In addition, the present invention does not depend on a difference in illumination methods such as transmission illumination or epi-illumination (reflection illumination).
In addition, the inspection apparatus of the present invention can be applied not only to a projection exposure apparatus, an overlay measurement apparatus, and an alignment apparatus, but also to other general apparatuses having an optical system to be inspected.
[0087]
【The invention's effect】
As described above, according to the inspection apparatus and the inspection method of the present invention, in each defocus state, the image asymmetry (index β) corresponding to the edge of the phase pattern and the difference in the image intensity of the uneven portion of the phase pattern ( By measuring the index α), in addition to coma aberration, decentration coma aberration, luminous flux vignetting, tilt of illumination light (illumination telecentric), spherical aberration, focal position, astigmatism on optical axis, astigmatism, The curvature of field and the tilt of the field can be inspected easily and quickly with high reproducibility for light of an arbitrary wavelength. Then, based on the detected inspection information of the optical system, correction and adjustment related to the aberration and focus position of the optical system, position adjustment related to the illumination aperture stop and the imaging aperture stop, and the like are performed efficiently and appropriately. The system can be as close as possible to the ideal optical system.
[0088]
Therefore, by incorporating the inspection apparatus of the present invention into a projection exposure apparatus, alignment apparatus, overlay measurement apparatus, etc., an illumination optical system of the projection exposure apparatus, an alignment optical system of the projection optical system, and an alignment apparatus, and an overlay measurement apparatus In addition, the overlay measurement optical system can be inspected easily and quickly with good reproducibility, and sufficient apparatus performance can be achieved by correcting or adjusting the aberration, focal position, optical axis misalignment, etc. of the optical system based on the detection results of the inspection apparatus. It can be demonstrated. Specifically, the position detection error caused by the alignment optical system is reduced in the alignment apparatus, and the measurement error caused by the overlay measurement optical system is reduced in the overlay measurement apparatus. Further, in the projection exposure apparatus, the aberration of the projection optical system is corrected well and the focal position, the optical axis shift, etc. are adjusted well, so that the pattern transfer performance is improved and highly accurate overlay projection exposure is performed. It becomes possible.

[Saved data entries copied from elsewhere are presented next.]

Lemma sum_transl_mx_entry (S : {set 'Z_m * 'Z_m}) (F : 'Z_m * 'Z_m -> 'Z_m) i j :
  (\sum_(u in S) transl_mx (F u)) i j = #|[set u in S | F u == j - i]|%:R.
Proof.
rewrite summxE -sum1_card natr_sum big_mkcond [RHS]big_mkcond /=.
apply: eq_bigr => u _; rewrite mxE inE [F u == _]eq_sym subr_eq addrC.
by case: (u \in S); case: (j == _).
Qed.

Lemma sum_transl_mxM (f : 'Z_m -> 'Z_m) X Y :
  (\sum_(a in X) transl_mx (f a)) * (\sum_(b in Y) transl_mx b) =
  \sum_(u in setX X Y) transl_mx (f u.1 + u.2).
Proof.
rewrite mulr_suml; under eq_bigr do rewrite mulr_sumr.
rewrite pair_big; apply: eq_big => [u | u _]; last exact: transl_mxD.
by rewrite inE.
Qed.

(* In F_p[Z_m], (sum X)^p (sum Y) = (sum X)^(p-1) J = |X|^(p-1) J and
   (sum X)^p = sum (p X), so each x has |X|^(p-1) <> 0 (mod p) representations
   x = p a + b; as there are |X| |Y| = m of them in total, each x has one. *)
Lemma tiling_scale_prime X Y : tiling X Y -> ~~ (p %| #|X|)%N ->
  tiling [set a *+ p | a in X] Y.
Proof.
move=> hT pNX; apply: tiling_imset_of_rep1.
pose N (x : 'Z_m) := #|[set u in setX X Y | u.1 *+ p + u.2 == x]|.
pose SX := \sum_(a in X) transl_mx a; pose SY := \sum_(b in Y) transl_mx b.
pose J : 'M['F_p]_n := const_mx 1.
have SXY : SX * SY = J.
  apply/matrixP => i j; rewrite (sum_transl_mxM id) sum_transl_mx_entry mxE.
  by rewrite tiling_rep1.
have SXJ k : SX ^+ k * J = J *+ (#|X| ^ k).
  elim: k => [|k IHk]; first by rewrite mul1r.
  rewrite exprSr -mulrA mulr_suml (eq_bigr _ (fun a _ => transl_mx_ones a)).
  by rewrite sumr_const mulrnAr IHk -mulrnA expnSr.
have N_pos x : (0 < N x)%N.
  have := congr1 (fun S : 'M['F_p]_n => S 0 x) (sum_transl_mxM (fun a => a *+ p) X Y).
  rewrite -sum_transl_mx_expp -/SX -/SY.
  rewrite -[X in SX ^+ X](prednK (prime_gt0 p_pr)) exprSr -mulrA SXY SXJ.
  rewrite sum_transl_mx_entry subr0 mulmxnE mxE => eqN.
  rewrite lt0n; apply: contra pNX => /eqP N0.
  have : (p %| #|X| ^ p.-1)%N by rewrite (dvdn_pcharf (pchar_Fp p_pr)) eqN -/(N x) N0.
  by rewrite Euclid_dvdX // => /andP [].
apply: (all_eq1_of_pos_sum N_pos).
by rewrite (sum_card_rep (fun a => a *+ p)) card_tiling // card_ord Zp_cast.
Qed.

End Tijdeman.

Section TijdemanScale.
Variable m : nat.
Hypothesis m_gt1 : (1 < m)%N.
Implicit Types (X Y : {set 'Z_m}).

Lemma tiling_scale X Y r : tiling X Y -> coprime r m ->
  tiling [set a *+ r | a in X] Y.
Proof.
move=> hT; elim/ltn_ind: r => r IHr co_rm.
have [r_le1 | r_gt1] := leqP r 1.
  case: r r_le1 co_rm {IHr} => [_ | [_ _ | //]]; first by rewrite /coprime gcd0n gtn_eqF.
  by rewrite (eq_imset _ (mulr1n (V:=_))) imset_id.
have q_pr := pdiv_prime r_gt1; have q_dvd := pdiv_dvd r.
set q := pdiv r in q_pr q_dvd *.
have lt_rq : (r %/ q < r)%N by rewrite ltn_Pdiv ?prime_gt1 // ltnW.
have hTq := IHr _ lt_rq (coprime_dvdl (dvdn_div q_dvd) co_rm).
have qNX : ~~ (q %| #|[set a *+ (r %/ q) | a in X]|)%N.
  apply: contraL co_rm => q_dvdX; rewrite /coprime; apply/negP => /eqP co.
  have : (q %| gcdn r m)%N by rewrite dvdn_gcd q_dvd -(card_tiling m_gt1 hTq) dvdn_mulr.
  by rewrite co dvdn1 => /eqP q1; rewrite q1 in q_pr.
have := tiling_scale_prime m_gt1 q_pr hTq qNX; rewrite -imset_comp.
by under eq_imset do rewrite /= -mulrnA divnK //.
Qed.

[Brief description of the drawings]
FIG. 1 is a drawing schematically showing a configuration of a projection exposure apparatus provided with an inspection apparatus according to a first embodiment of the present invention.
FIG. 2 is a diagram in which an integrated signal ΣV obtained by integrating a signal V corresponding to the light intensity of a phase pattern image in a non-measurement direction is plotted with respect to a measurement direction S, and an asymmetry index β of the phase pattern image is It is a figure for demonstrating.

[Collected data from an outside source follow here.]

(* Let $\gamma\in(1,2]$, $\delta>0$. Assume that $f$ is convex and $L$-smooth relative to $d$ on $Q$, that $V$ satisfies the triangular scaling property with scaling factor $\gamma$, and that for every $y\in Q$ the pair $(f_\delta(y),\nabla f_\delta(y))$ is a $(\delta,L)$-oracle of $f$ at $y$. Consider the scheme AccBPGM-2 below with $\theta_k=\frac{\gamma}{k+\gamma}$ for all $k\ge0$, and suppose the constants $L_{k+1}$ satisfy, for every $k\ge0$: $L_{k+2}\ge L_{k+1}$, $L_{k+1}\ge(\theta_{k+1}/\theta_k)^{\gamma}$, $f(x_{k+1})\le g(x_{k+1}|y_k)+L_{k+1}V(x_{k+1},y_k)+\delta$, and $L_{k+1}<2L$. Let $x_*$ be a minimizer of $f$ on $Q$. Then for every $N\ge1$, $$f(x_N)-f(x_* )\le2L\Big(\frac{\gamma}{\gamma+N-1}\Big)^{\gamma}V(x_*,x_0)+\big(2(N-1)L+1\big)\delta.$$
   Context: Setting. $\mathbb{E}$ is a finite-dimensional real vector space with a norm $\|\cdot\|$ and dual space $\mathbb{E}^*$; $\langle g,x\rangle$ denotes the value of $g\in\mathbb{E}^*$ at $x\in\mathbb{E}$. $Q\subset\mathbb{E}$ is a closed convex set. $f:Q\to\mathbb{R}$ is convex and differentiable on an open set containing the relative interior $\mathrm{rint}\,Q$. The prox-function $d:Q\to\mathbb{R}$ is continuously differentiable and $1$-strongly convex with respect to $\|\cdot\|$. The Bregman divergence is $V(x,y)=d(x)-d(y)-\langle\nabla d(y),x-y\rangle$. All minimization subproblems appearing in the algorithms are assumed to have minimizers. Relative smoothness: $f$ is $L$-smooth relative to $d$ on $Q$ if $f(y)\le f(x)+\langle\nabla f(x),y-x\rangle+LV(y,x)$ for all $x\in\mathrm{rint}\,Q$, $y\in Q$. Triangular scaling property with factor $\gamma>0$: $V((1-\theta)x+\theta z,(1-\theta)x+\theta\tilde z)\le\theta^{\gamma}V(z,\tilde z)$ for all $x,z,\tilde z\in Q$ and all $\theta\in[0,1]$. $(\delta,L)$-oracle: a pair $(f_\delta(y),\nabla f_\delta(y))\in\mathbb{R}\times\mathbb{E}^*$ is a $(\delta,L)$-oracle of $f$ at $y$ if $0\le f(x)-\big(f_\delta(y)+\langle\nabla f_\delta(y),x-y\rangle\big)\le LV(x,y)+\delta$ for all $x\in Q$. Notation: $g(x|y):=f_\delta(y)+\langle\nabla f_\delta(y),x-y\rangle$. Scheme AccBPGM-2 (adaptive version). Input: $x_0\in\mathrm{rint}\,Q$, $\gamma\in(1,2]$, $\delta>0$. Set $z_0=x_0$, $\theta_0=1$. For $k=0,1,2,\dots$: a constant $L_{k+1}>0$ is chosen, and $y_k=(1-\theta_k)x_k+\theta_kz_k$; $z_{k+1}=\arg\min_{z\in Q}\{g(z|y_k)+\theta_k^{\gamma-1}L_{k+1}V(z,z_k)\}$; $x_{k+1}=(1-\theta_k)x_k+\theta_kz_{k+1}$. *)

(* E = 'rV[R]_n (finite-dimensional real vector space),
   E^* identified with 'rV[R]_n via the pairing <g,x> = \sum_i g_i x_i. *)
From HB Require Import structures.
From mathcomp Require Import all_boot all_order all_algebra.
From mathcomp Require Import all_classical all_reals all_analysis.
Set Implicit Arguments. Unset Strict Implicit. Unset Printing Implicit Defensive.
Import Order.TTheory GRing.Theory Num.Theory.
Import numFieldNormedType.Exports.
Local Open Scope classical_set_scope.
Local Open Scope ring_scope.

FIG. 3 is a diagram illustrating a relationship between a change in an asymmetry index β of a phase pattern image in each defocus state, coma aberration, optical axis deviation, and the like.
FIG. 4 is a diagram illustrating a relationship between a change in an asymmetry index β of a phase pattern image in each defocus state, coma aberration, optical axis deviation, and the like.
FIG. 5 is a diagram in which an integrated signal ΣV obtained by integrating a signal V corresponding to the light intensity of a phase pattern image in a non-measurement direction is plotted with respect to a measurement direction S, and the phase pattern image corresponding to a recess of the phase pattern It is a figure for demonstrating the parameter | index (alpha) which quantified the difference between the image intensity of this and the image intensity of the phase pattern image corresponding to a convex part.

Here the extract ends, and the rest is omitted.